If you wonder why the Democratic Party has regressed into sycophantic cheerleading for radical feminist candidates (such as the Hillary Clinton clones running this year), the explanation is in a new book called "Guide to Feminist Organizations." As Midge Decter says in her foreword, this book is long overdue, and we thank Capital Research Center and author Kimberly Schuld for providing such a useful tool.
By setting forth the facts about 35 feminist groups, this guide clarifies how the radical feminists built their political power so that they are falsely touted by the media as "the voice of women," even though all polls show that the big majority of women reject the label "feminist." The feminists did it by organization, networking and lots of money, much of which came from leftwing foundations, corporations headed by weak-kneed executives, and grants of taxpayers' funds.
The feminist groups detailed in the guide include the noisy activist organizations, the decades-old women's groups that had respectable reputations until they were captured by the feminists, the think tanks that grind out dubious data to fortify feminist follies, and the abortion-propaganda groups masquerading under the euphemism "women's health." Networking keeps them interconnected and well- funded.
These groups may appear to have different missions, but they have a common ideology: Women are victims of an oppressive patriarchal society; all men are guilty both individually and collectively; and men who abuse women are not anomalous but typical.
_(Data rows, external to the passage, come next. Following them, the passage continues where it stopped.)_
Lemma subgroup_direct_product (S : subgroup G) i :
  (forall x, S x -> S (P i x)) ->
  iso_direct_product (subgroup_group S)
    (subgroup_group (subgroupI S (fix_subgroup (proj_hom D i))))
    (subgroup_group (subgroupI S (ker_subgroup (proj_hom D i)))).
Proof.
move=> SP; pose k x := ginv (P i x) ** x.
have Sk x : S x -> S (k x) by move=> Sx; apply: sg_memM => //; apply/sg_memV/SP.
pose f (a : subgroup_group S) :
  subgroup_group (subgroupI S (fix_subgroup (proj_hom D i))) *
  subgroup_group (subgroupI S (ker_subgroup (proj_hom D i))) :=
  (exist _ (P i (sval a)) (conj (SP _ (svalP a)) (proj_idem D i (sval a))),
   exist _ (k (sval a)) (conj (Sk _ (svalP a)) (proj_ker_part i (sval a)))).
exists f; split.
  move=> [x Sx] [y Sy]; congr pair; apply: sval_inj => /=.
    exact: (proj_hom D).
  have cyx : gcommute (ginv (P i y)) (k x).
    apply/gcommuteV/(@gcommute_fix_ker i); first exact: (proj_idem D).
    exact: proj_ker_part.
  by rewrite /k (proj_hom D) invgM !gmulA -cyx !gmulA.
split.
  move=> [x Sx] [y Sy] /(congr1 (fun p => (sval p.1, sval p.2))) [Pxy kxy].
  apply: sval_inj => /=.
  by rewrite -(mulVKg (P i x) x) -(mulVKg (P i y) y) -/(k x) -/(k y) Pxy kxy.
move=> [[u [Su Pu]] [v [Sv Pv]]].
have Puv : P i (u ** v) = u by rewrite (proj_hom D) Pu Pv gmul1r.
exists (exist _ (u ** v) (sg_memM Su Sv)); congr pair; apply: sval_inj => /=.
  exact: Puv.
by rewrite /k Puv mulKg.
Qed.

End ProjectionFamily.

Section TwoProjectionFamilies.
Variables (G : group) (I J : Type) (P : I -> G -> G) (Q : J -> G -> G).
Hypotheses (DP : projection_family P) (DQ : projection_family Q).

Lemma proj_image_iso_of_fix i j :
  (forall x, Q j (P i x) = P i x) -> (forall y, P i (Q j y) = Q j y) ->
  group_iso (proj_image DP i) (proj_image DQ j).
Proof.
move=> QP PQ.
have fixQ (a : proj_image DP i) : Q j (sval a) = sval a.
  by have Pa : P i (sval a) = sval a := svalP a; rewrite -Pa QP.
have fixP (b : proj_image DQ j) : P i (sval b) = sval b.
  by have Qb : Q j (sval b) = sval b := svalP b; rewrite -Qb PQ.
exists (fun a => exist _ (sval a) (fixQ a) : proj_image DQ j); split.
  by move=> a b; apply: sval_inj.
split=> [a b /(congr1 sval) /= eq_ab | b]; first exact: sval_inj.
by exists (exist _ (sval b) (fixP b) : proj_image DP i); apply: sval_inj.
Qed.

Hypothesis tc : trivial_centre G.

Lemma proj_fix_proj i j x : P i (Q j (P i x)) = Q j (P i x).
Proof.
apply: (proj_fix_of_centralises DP) => // y Py.
have cxy : gcommute (P i x) y := gcommute_fix_ker DP (proj_idem DP i x) Py.
rewrite -[y](mulVKg (Q j y)); apply: gcommute_sym; apply: gcommuteM.
  by rewrite /gcommute -!(proj_hom DQ) cxy.
apply: gcommute_sym; apply: (gcommute_fix_ker DQ); first exact: (proj_idem DQ).
exact: (proj_ker_part DQ).
Qed.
They claim that women's problems are not personal but societal and require constitutional, legislative or litigious remedies. The liberation of women (from home, husband, family and children) requires government to fill the gap with tax-funded services, lawyers and daycare.
First among the activist and advocacy organizations is the National Organization for Women (NOW), which spent $5,292,025 in 2000. Loud and brassy, NOW lobbies for feminist legislation, organizes protest rallies, initiates lawsuits, and always backs Democratic Party candidates and proposals.
The NOW agenda supports all abortion rights including partial- birth abortion, gay and lesbian rights, worldwide legalization of prostitution, and unrestricted access to pornography in libraries. According to the guide, "NOW revels in attacking Christianity and traditional values, conservative ideas and men," with Rush Limbaugh, Jerry Falwell and Promise Keepers their favorite targets.
Free speech? Forget it; no internal dissent is tolerated. NOW demanded that its members give unquestioning support to Bill Clinton despite his shabby sexual shenanigans.
Tammy Bruce, former president of the Los Angeles NOW, spilled the beans about how Bill Clinton bought NOW's support with taxpayer grants for "tobacco control" from the Department of Health and Human Services: "California NOW and National NOW received three-quarters of a million dollars ($767,099) during the [Paula] Jones and [Monica] Lewinsky scandals."
The League of Women Voters abandoned its former credibility and became a federally funded lobby to expand the size of government so that it can accommodate expensive feminist programs. The League, which spent $4,620,246 in 2000, supports gun control, abortion access, universal health care, more environmental regulation, and increased power for the United Nations.
The American Association of University Women turned itself into a vehicle to clamor for claims of feminists whose off-the-wall hypotheses aren't taken seriously in the academic world. AAUW spent $9,512,044 in 2000.
The feminists use the YWCA to teach radical feminism to the next generation. The Girl Scouts went feminist after they took Betty Friedan on their board; they dropped "loyalty" from the oath, began a condom-friendly sex-ed program, and made belief in God optional.
Most of the activist feminist organizations have 501(c)(3) sister groups with interlocking directors and offices, such as NOW Legal Defense and Education Fund, which had income of $7,318,269 in 2000. They pursue the same agenda, including government-funded daycare, paid entitlements for family leave, unrestricted access to abortion, comparable worth, affirmative action, universal health insurance, and anti-male implementation of Title IX.
As the guide states, "It's hard to see where NOW political lobbying ends and NOW Foundation education activity begins."
Funding for feminist foundations comes from many sources that ought to know better. NOW Legal Defense and Education Fund has raked in corporate donations from a long list topped by ABC, AT&T, American Express, Chase Manhattan, Colgate-Palmolive, IBM, Johnson & Johnson, New York Times Foundation, Revlon, Saks, and New York brokerage houses; from Ford, Rockefeller and other wealthy foundations; and $1,678,252 in government grants since 1996.
We hope Capital Research will produce a follow-up guide to detail the direct political expenditures of the feminist network. EMILY's List, which contributes only to Democratic pro-abortion feminist candidates, put $20 million into political campaigns in 2000 and another $20 million into campaigns this year.
That's twice as much as the second largest political action committee. Such a vast amount of money explains why Democratic Senators don't dare to confirm a judge who is pro-life.